Will Chevron’s Upstream and Downstream Earnings Rise in Q2 2018?
Before we proceed with Chevron’s (CVX) second-quarter segmental outlook, let’s briefly look at its first-quarter segmental performance.
July 16 2018, Updated 3:35 p.m. ET
Chevron’s segmental analysis in the first quarter
Before we proceed with Chevron’s (CVX) second-quarter segmental outlook, let’s briefly look at its first-quarter segmental performance.
Chevron’s earnings improved in the first quarter of 2018 compared to the first quarter of 2017. Chevron’s adjusted upstream segment earnings rose from $1.19 billion in the first quarter of 2017 to $3.35 billion in the first quarter of 2018. Its upstream earnings rose due to higher hydrocarbon production coupled with better oil prices.
Chevron’s peer Royal Dutch Shell’s (RDS.A) adjusted profit rose 41% YoY (year-over-year) due to a threefold rise in its upstream earnings in the first quarter.
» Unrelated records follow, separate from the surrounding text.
Lemma markov_event (I : finType) (w G : I -> R) (E : pred I) m :
  (forall i, 0 <= w i) -> (forall i, 0 <= G i) -> 0 < m ->
  \big[Rplus/0]_i w i = 1 -> (forall i, ~~ E i -> m <= G i) ->
  1 - \big[Rplus/0]_i (w i * G i) / m <= \big[Rplus/0]_i (if E i then w i else 0).
Proof.
move=> w_ge0 G_ge0 m_gt0 mass G_off_E.
have miss_le : m * \big[Rplus/0]_i (if E i then 0 else w i) <= \big[Rplus/0]_i (w i * G i).
  rewrite sumR_distrr; apply: sumR_le => i _; case: ifP => [_ | /negbT /G_off_E m_le].
    by rewrite Rmult_0_r; apply: Rmult_le_pos.
  by rewrite Rmult_comm; apply: Rmult_le_compat_l.
have hit_miss : \big[Rplus/0]_i (if E i then w i else 0) =
    1 - \big[Rplus/0]_i (if E i then 0 else w i).
  by rewrite -mass -sumR_minus; apply: eq_bigr => i _; case: ifP => _; ring.
rewrite hit_miss; apply: Rplus_le_compat_l; apply: Ropp_le_contravar.
apply: (Rmult_le_reg_l m) => //; set EG := \big[Rplus/0]_i (w i * G i).
by have -> : m * (EG / m) = EG by field; lra.
Qed.

Lemma INR_card (V : finType) (A : {pred V}) : INR #|A| = \big[Rplus/0]_(x in A) 1.
Proof. by rewrite -sum1_card (big_morph INR plus_INR (erefl (INR 0))). Qed.

Section EvolvingSets.

Variables (V : finType) (e : rel V).
Hypothesis e_sym : symmetric e.
Hypothesis e_irr : irreflexive e.
Hypothesis deg_ge1 : forall x : V, leq 1 (deg e x).

Lemma deg_ge1_R (y : V) : 1 <= INR (deg e y).
Proof. by apply: (le_INR 1); apply/leP. Qed.

Lemma deg_gt0 (y : V) : 0 < INR (deg e y).
Proof. by have := deg_ge1_R y; lra. Qed.

Lemma vol_ge0 (S : {set V}) : 0 <= vol e S.
Proof. by apply: sumR_ge0 => y _; apply: pos_INR. Qed.

Lemma vol_sub (A B : {set V}) : A \subset B -> vol e A <= vol e B.
Proof.
move=> /subsetP sAB; rewrite /vol big_mkcond [X in _ <= X]big_mkcond /=.
apply: sumR_le => y _; case: ifP => [/sAB -> | _]; first exact: Rle_refl.
by case: ifP => _; [apply: pos_INR | apply: Rle_refl].
Qed.

Lemma vol_le_setT (S : {set V}) : vol e S <= vol e [set: V].
Proof. exact/vol_sub/subsetT. Qed.

Definition nbrs_in (S : {set V}) (y : V) : R :=
  \big[Rplus/0]_(x in S) (if e y x then 1 else 0).

Lemma deg_nbrs (y : V) : INR (deg e y) = \big[Rplus/0]_x (if e y x then 1 else 0).
Proof. by rewrite /deg INR_card big_mkcond; apply: eq_bigr => x _; rewrite inE. Qed.

Lemma nbrs_in_bounds (S : {set V}) (y : V) : 0 <= nbrs_in S y <= INR (deg e y).
Proof.
have ind_ge0 x : 0 <= (if e y x then 1 else 0) by case: ifP => _; lra.
split; first exact: sumR_ge0.
rewrite deg_nbrs /nbrs_in big_mkcond /=; apply: sumR_le => x _.
by case: ifP => _; [apply: Rle_refl | apply: ind_ge0].
Qed.

(* Each edge is seen once from each endpoint, so the neighbour counts of S
   add up to its volume ... *)
Lemma sum_nbrs_in (S : {set V}) : \big[Rplus/0]_y nbrs_in S y = vol e S.
Proof.
rewrite /nbrs_in /vol exchange_big /=; apply: eq_bigr => x _.
by rewrite deg_nbrs; apply: eq_bigr => y _; rewrite e_sym.
Qed.

Lemma sum_nbrs_in_out (S : {set V}) :
  \big[Rplus/0]_y (if y \in S then 0 else nbrs_in S y) = bdry e S.
Proof.
rewrite /bdry INR_card [RHS]big_mkcond /=.
transitivity (\big[Rplus/0]_x \big[Rplus/0]_y
  (if [&& e x y, x \in S & y \notin S] then 1 else 0)); last first.
  by rewrite pair_bigA /=; apply: eq_bigr => [[x y]] _; rewrite !inE.
rewrite exchange_big /=; apply: eq_bigr => y _; rewrite /nbrs_in big_mkcond /=.
case: ifP => yS; first by rewrite big1 // => x _; rewrite !andbF.
by apply: eq_bigr => x _; rewrite andbT (e_sym x y); case: (x \in S); case: (e y x).
Qed.

Lemma pS_nbrs (S : {set V}) (y : V) :
  pS e y S = (if y \in S then / 2 else 0) + nbrs_in S y * / (2 * INR (deg e y)).
Proof.
rewrite /pS /nbrs_in sumR_distrl /=.
have -> : \big[Rplus/0]_(x in S) ptrans e y x = \big[Rplus/0]_(x in S)
    ((if y == x then / 2 else 0) + (if e y x then 1 else 0) * / (2 * INR (deg e y))).
  apply: eq_bigr => x _; rewrite /ptrans.
  by case: eqP => [<- | _]; [rewrite e_irr | case: ifP => _]; ring.
rewrite sumR_split /=; congr (_ + _); case: ifP => yS.
  by rewrite (bigD1 y yS) eqxx big1 /= ?Rplus_0_r // => x /andP [_ /negbTE]; rewrite eq_sym => ->.
by rewrite big1 // => x xS; case: eqP => // y_x; rewrite y_x xS in yS.
Qed.

Lemma deg_pS (S : {set V}) (y : V) :
  INR (deg e y) * pS e y S = (if y \in S then INR (deg e y) / 2 else 0) + nbrs_in S y / 2.
Proof. by have := deg_gt0 y; rewrite pS_nbrs; case: ifP => _ ?; field; lra. Qed.

Lemma pS_bounds (S : {set V}) (y : V) :
  [/\ 0 <= pS e y S <= 1, y \in S -> / 2 <= pS e y S & y \notin S -> pS e y S <= / 2].
Proof.
have [nb_ge0 nb_le] := nbrs_in_bounds S y; have deg_pos := deg_gt0 y.
have inv_ge0 : 0 <= / (2 * INR (deg e y)) by apply: Rlt_le; apply: Rinv_0_lt_compat; lra.
have move_ge0 : 0 <= nbrs_in S y * / (2 * INR (deg e y)) by apply: Rmult_le_pos.
have move_le : nbrs_in S y * / (2 * INR (deg e y)) <= / 2.
  have -> : / 2 = INR (deg e y) * / (2 * INR (deg e y)) by field; lra.
  exact: Rmult_le_compat_r.
by rewrite pS_nbrs; case: ifP => _; split => //=; try move=> _; lra.
Qed.

Lemma sum_half_deg_in (S : {set V}) :
  \big[Rplus/0]_y (if y \in S then INR (deg e y) / 2 else 0) = vol e S / 2.
Proof.
rewrite /vol /Rdiv sumR_distrl [RHS]big_mkcond /=.
by apply: eq_bigr => y _; case: ifP => _; ring.
Qed.

Lemma level_mass_vol (q : V -> R) l r :
  \big[Rplus/0]_(S' : {set V}) (level_mass q l r [set: V] S' * vol e S')
   = \big[Rplus/0]_y (INR (deg e y) * Rmax 0 (Rmin r (q y) - l)).
Proof. exact: level_mass_weighted. Qed.

(* Thresholds U <= 1/2 produce supersets of S, thresholds U > 1/2 subsets;
   each half of the step has probability 1/2. *)
Lemma esp_K_split (S S' : {set V}) :
  esp_K e S S' = level_mass (pS e ^~ S) 0 (/ 2) [set: V] S'
               + level_mass (pS e ^~ S) (/ 2) 1 [set: V] S'.
Proof. by rewrite esp_K_level_mass; apply: level_mass_split; lra. Qed.

Lemma esp_vol_mean (S : {set V}) :
  \big[Rplus/0]_S' (esp_K e S S' * vol e S') = vol e S.
Proof.
under eq_bigr do rewrite esp_K_level_mass.
rewrite level_mass_vol; transitivity
  (\big[Rplus/0]_y ((if y \in S then INR (deg e y) / 2 else 0) + nbrs_in S y / 2)).
  apply: eq_bigr => y _; rewrite -deg_pS; have [[p_ge0 p_le1] _ _] := pS_bounds S y.
  by rewrite Rmin_right // Rminus_0_r Rmax_right.
by rewrite sumR_split /= sum_half_deg_in /Rdiv -sumR_distrl /= sum_nbrs_in; field.
Qed.

Lemma esp_vol_mean_grow (S : {set V}) :
  \big[Rplus/0]_S' (level_mass (pS e ^~ S) 0 (/ 2) [set: V] S' * vol e S')
   = (vol e S + bdry e S) / 2.
Proof.
rewrite level_mass_vol; transitivity (\big[Rplus/0]_y
  ((if y \in S then INR (deg e y) / 2 else 0) + (if y \in S then 0 else nbrs_in S y) / 2)).
  apply: eq_bigr => y _; have [[p_ge0 p_le1] p_in p_out] := pS_bounds S y.
  rewrite Rminus_0_r; case: ifP => yS.
    by rewrite Rmin_left ?Rmax_right; [field | lra | apply: p_in].
  rewrite Rmin_right ?Rmax_right; [|lra | by apply: p_out; rewrite yS].
  by rewrite deg_pS yS; ring.
by rewrite sumR_split /= sum_half_deg_in /Rdiv -sumR_distrl /= sum_nbrs_in_out; field.
Qed.

Lemma bdry_le_vol (S : {set V}) : bdry e S <= vol e S.
Proof.
rewrite -sum_nbrs_in_out -sum_nbrs_in; apply: sumR_le => y _.
by case: ifP => _; [apply: (proj1 (nbrs_in_bounds S y)) | apply: Rle_refl].
Qed.

Lemma cond_bounds (S : {set V}) : 0 < vol e S -> 0 <= cond e S <= 1.
Proof.
move=> vol_gt0; have bdry_le := bdry_le_vol S; have bdry_ge0 : 0 <= bdry e S := pos_INR _.
rewrite /cond; split; first by apply: Rdiv_ge0.
by apply: (Rmult_le_reg_r (vol e S)) => //; rewrite /Rdiv Rmult_assoc Rinv_l; lra.
Qed.

Lemma esp_Khat_ge0 (S S' : {set V}) : 0 <= esp_Khat e S S'.
Proof.
apply: Rmult_le_pos; last exact: Rmax_l.
have [vol_gt0 | <-] := Rle_lt_or_eq_dec _ _ (vol_ge0 S); last by rewrite /Rdiv Rinv_0 Rmult_0_r; lra.
by apply: Rdiv_ge0; [apply: vol_ge0 |].
Qed.

Lemma esp_Khat_vol0 (S S' : {set V}) : vol e S' = 0 -> esp_Khat e S S' = 0.
Proof. by move=> vol0; rewrite /esp_Khat vol0 /Rdiv !Rmult_0_l. Qed.

Lemma esp_Khat_sum (S : {set V}) : 0 < vol e S -> \big[Rplus/0]_S' esp_Khat e S S' = 1.
Proof.
move=> vol_gt0; transitivity ((\big[Rplus/0]_S' (esp_K e S S' * vol e S')) * / vol e S).
  by rewrite sumR_distrl; apply: eq_bigr => S' _; rewrite /esp_Khat /Rdiv /=; ring.
by rewrite esp_vol_mean; field; lra.
Qed.

(* Square-root drift of the volume: E_K[sqrt (vol S' / vol S)] <= 1 - cond S^2 / 8.
   By Jensen on each half of the step, where the volume ratio has mean
   1 + cond S on the growing half and 1 - cond S on the shrinking half. *)
Lemma esp_sqrt_drift (S : {set V}) : 0 < vol e S ->
  \big[Rplus/0]_S' (esp_K e S S' * sqrt (vol e S' / vol e S)) <= 1 - cond e S * cond e S / 8.
Proof.
move=> vol_gt0; set X := fun S' => vol e S' / vol e S.
set grow := level_mass (pS e ^~ S) 0 (/ 2) [set: V].
set shrink := level_mass (pS e ^~ S) (/ 2) 1 [set: V].
have X_ge0 S' : 0 <= X S' by apply: Rdiv_ge0 => //; apply: vol_ge0.
have mean_ratio (w : {set V} -> R) m :
    \big[Rplus/0]_S' (w S' * vol e S') = m -> \big[Rplus/0]_S' (w S' * X S') = m / vol e S.
  by move=> <-; rewrite /X /Rdiv sumR_distrl; apply: eq_bigr => S' _ /=; ring.
have half_gt0 : 0 < / 2 by apply: Rinv_0_lt_compat; lra.
have grow_mass : \big[Rplus/0]_S' grow S' = / 2.
  by rewrite level_mass_total Rminus_0_r Rmax_right; lra.
have shrink_mass : \big[Rplus/0]_S' shrink S' = / 2.
  by rewrite level_mass_total Rmax_right; lra.
have grow_mean : \big[Rplus/0]_S' (grow S' * X S') = (1 + cond e S) / 2.
  by rewrite (mean_ratio _ _ (esp_vol_mean_grow S)) /cond; field; lra.
have shrink_mean : \big[Rplus/0]_S' (shrink S' * X S') = (1 - cond e S) / 2.
  have -> : \big[Rplus/0]_S' (shrink S' * X S') =
      \big[Rplus/0]_S' (esp_K e S S' * X S') - \big[Rplus/0]_S' (grow S' * X S').
    by rewrite -sumR_minus; apply: eq_bigr => S' _; rewrite esp_K_split /grow /shrink; ring.
  by rewrite (mean_ratio _ _ (esp_vol_mean S)) grow_mean /cond; field; lra.
have grow_jensen := jensen_sqrt (level_mass_ge0 _ _ _ _) X_ge0 half_gt0 grow_mass grow_mean.
have shrink_jensen :=
  jensen_sqrt (level_mass_ge0 _ _ _ _) X_ge0 half_gt0 shrink_mass shrink_mean.
have -> : \big[Rplus/0]_S' (esp_K e S S' * sqrt (vol e S' / vol e S)) =
    \big[Rplus/0]_S' (grow S' * sqrt (X S')) + \big[Rplus/0]_S' (shrink S' * sqrt (X S')).
  by rewrite -sumR_split; apply: eq_bigr => S' _ /=; rewrite esp_K_split /grow /shrink /X; ring.
rewrite (_ : / 2 * ((1 + cond e S) / 2) = (1 + cond e S) / 4) in grow_jensen; last by field.
rewrite (_ : / 2 * ((1 - cond e S) / 2) = (1 - cond e S) / 4) in shrink_jensen; last by field.
have := sqrt_pair_bound (cond_bounds vol_gt0); rewrite /grow /shrink; lra.
Qed.

(* Termwise comparison of log and square root of the volume ratio x,
   from x ln x >= 2x - 2 sqrt x (the biased kernel carries the factor x). *)
Lemma esp_log_term (S S' : {set V}) : 0 < vol e S ->
  esp_Khat e S S' * ln (vol e S) + 2 * esp_Khat e S S'
    - 2 * (esp_K e S S' * sqrt (vol e S' / vol e S))
  <= esp_Khat e S S' * ln (vol e S').
Proof.
move=> vol_gt0; have K_ge0 : 0 <= esp_K e S S' := Rmax_l _ _.
have [vol'_gt0 | /esym vol'0] := Rle_lt_or_eq_dec _ _ (vol_ge0 S'); last first.
  by rewrite esp_Khat_vol0 // vol'0 /Rdiv !Rmult_0_l sqrt_0; lra.
set x := vol e S' / vol e S; have x_gt0 : 0 < x by apply: Rdiv_lt_0_compat.
have -> : esp_Khat e S S' = x * esp_K e S S' by [].
have -> : ln (vol e S') = ln (vol e S) + ln x.
  by rewrite -ln_mult //; congr ln; rewrite /x; field; lra.
have : esp_K e S S' * (2 * x - 2 * sqrt x) <= esp_K e S S' * (x * ln x).
  by apply: Rmult_le_compat_l => //; apply: xlnx_ge.
lra.
Qed.

Definition log_gain (S : {set V}) : R := cond e S * cond e S / 4.

Lemma esp_log_drift (S : {set V}) : 0 < vol e S ->
  ln (vol e S) + log_gain S <= \big[Rplus/0]_S' (esp_Khat e S S' * ln (vol e S')).
Proof.
move=> vol_gt0; have mass := esp_Khat_sum vol_gt0; have drift := esp_sqrt_drift vol_gt0.
apply: Rle_trans; last by apply: sumR_le => S' _; apply: esp_log_term.
have -> : \big[Rplus/0]_S' (esp_Khat e S S' * ln (vol e S) + 2 * esp_Khat e S S'
      - 2 * (esp_K e S S' * sqrt (vol e S' / vol e S)))
    = (\big[Rplus/0]_S' esp_Khat e S S') * ln (vol e S) + 2 * \big[Rplus/0]_S' esp_Khat e S S'
      - 2 * \big[Rplus/0]_S' (esp_K e S S' * sqrt (vol e S' / vol e S)).
  by rewrite sumR_minus sumR_split -!sumR_distrr -sumR_distrl.
rewrite mass /log_gain; lra.
Qed.

Lemma esp_potential_step (S : {set V}) (H : {set V} -> R) : 0 < vol e S ->
  (forall S', 0 < vol e S' -> H S' <= ln (vol e [set: V]) - ln (vol e S')) ->
  \big[Rplus/0]_S' (esp_Khat e S S' * H S')
    <= ln (vol e [set: V]) - ln (vol e S) - log_gain S.
Proof.
move=> vol_gt0 H_le; have mass := esp_Khat_sum vol_gt0; have drift := esp_log_drift vol_gt0.
apply: (Rle_trans _ (\big[Rplus/0]_S'
  (esp_Khat e S S' * ln (vol e [set: V]) - esp_Khat e S S' * ln (vol e S')))).
  apply: sumR_le => S' _; have Khat_ge0 := esp_Khat_ge0 S S'.
  have [vol'_gt0 | /esym vol'0] := Rle_lt_or_eq_dec _ _ (vol_ge0 S').
    by have := H_le S' vol'_gt0; nra.
  by rewrite esp_Khat_vol0 //; lra.
have -> : \big[Rplus/0]_S'
    (esp_Khat e S S' * ln (vol e [set: V]) - esp_Khat e S S' * ln (vol e S'))
    = (\big[Rplus/0]_S' esp_Khat e S S') * ln (vol e [set: V])
      - \big[Rplus/0]_S' (esp_Khat e S S' * ln (vol e S')).
  by rewrite sumR_minus -sumR_distrl.
by rewrite mass; lra.
Qed.

Lemma traj_weight_head n (S0 : {set V}) (t : n.-tuple {set V}) :
  traj_weight e S0 t = (if S0 == nth set0 t 0 then 1 else 0) * traj_weight e (nth set0 t 0) t.
Proof. by rewrite /traj_weight eqxx eq_sym; case: ifP => _; ring. Qed.

Lemma traj_weight_cons n (S0 x : {set V}) (t : n.+1.-tuple {set V}) :
  traj_weight e S0 (cons_tuple x t) =
  (if x == S0 then 1 else 0) * (esp_Khat e x (nth set0 t 0) * traj_weight e (nth set0 t 0) t).
Proof. by rewrite /traj_weight /= big_nat_recl // eqxx Rmult_1_l. Qed.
BP’s (BP) adjusted upstream EBIT rose from $1.4 billion in the first quarter of 2017 to $3.2 billion in the first quarter of 2018.
Chevron’s adjusted downstream earnings fell 26% YoY to $717 million in the first quarter. The fall was primarily the result of lower margins and lower throughputs.
Chevron’s second-quarter outlook
Chevron’s upstream and downstream earnings could grow YoY in the second quarter.
Crude oil prices rose YoY in the second quarter of 2018. Brent prices rose from $51 per barrel in the second quarter of 2017 to $75 per barrel in the second quarter of 2018. Similarly, WTI prices surged from $48 per barrel in the second quarter of 2017 to $68 per barrel in the second quarter of 2018. This change could improve CVX’s second-quarter realizations, which could lead to higher upstream earnings for the company.
Downstream earnings are also likely to be supported by wider refining cracks YoY in the second quarter. For instance, the US Gulf Coast WTI 3-2-1 crack, the broader market crack indicator, expanded 20% over the second quarter of 2017 to $18 per barrel in the second quarter of 2018.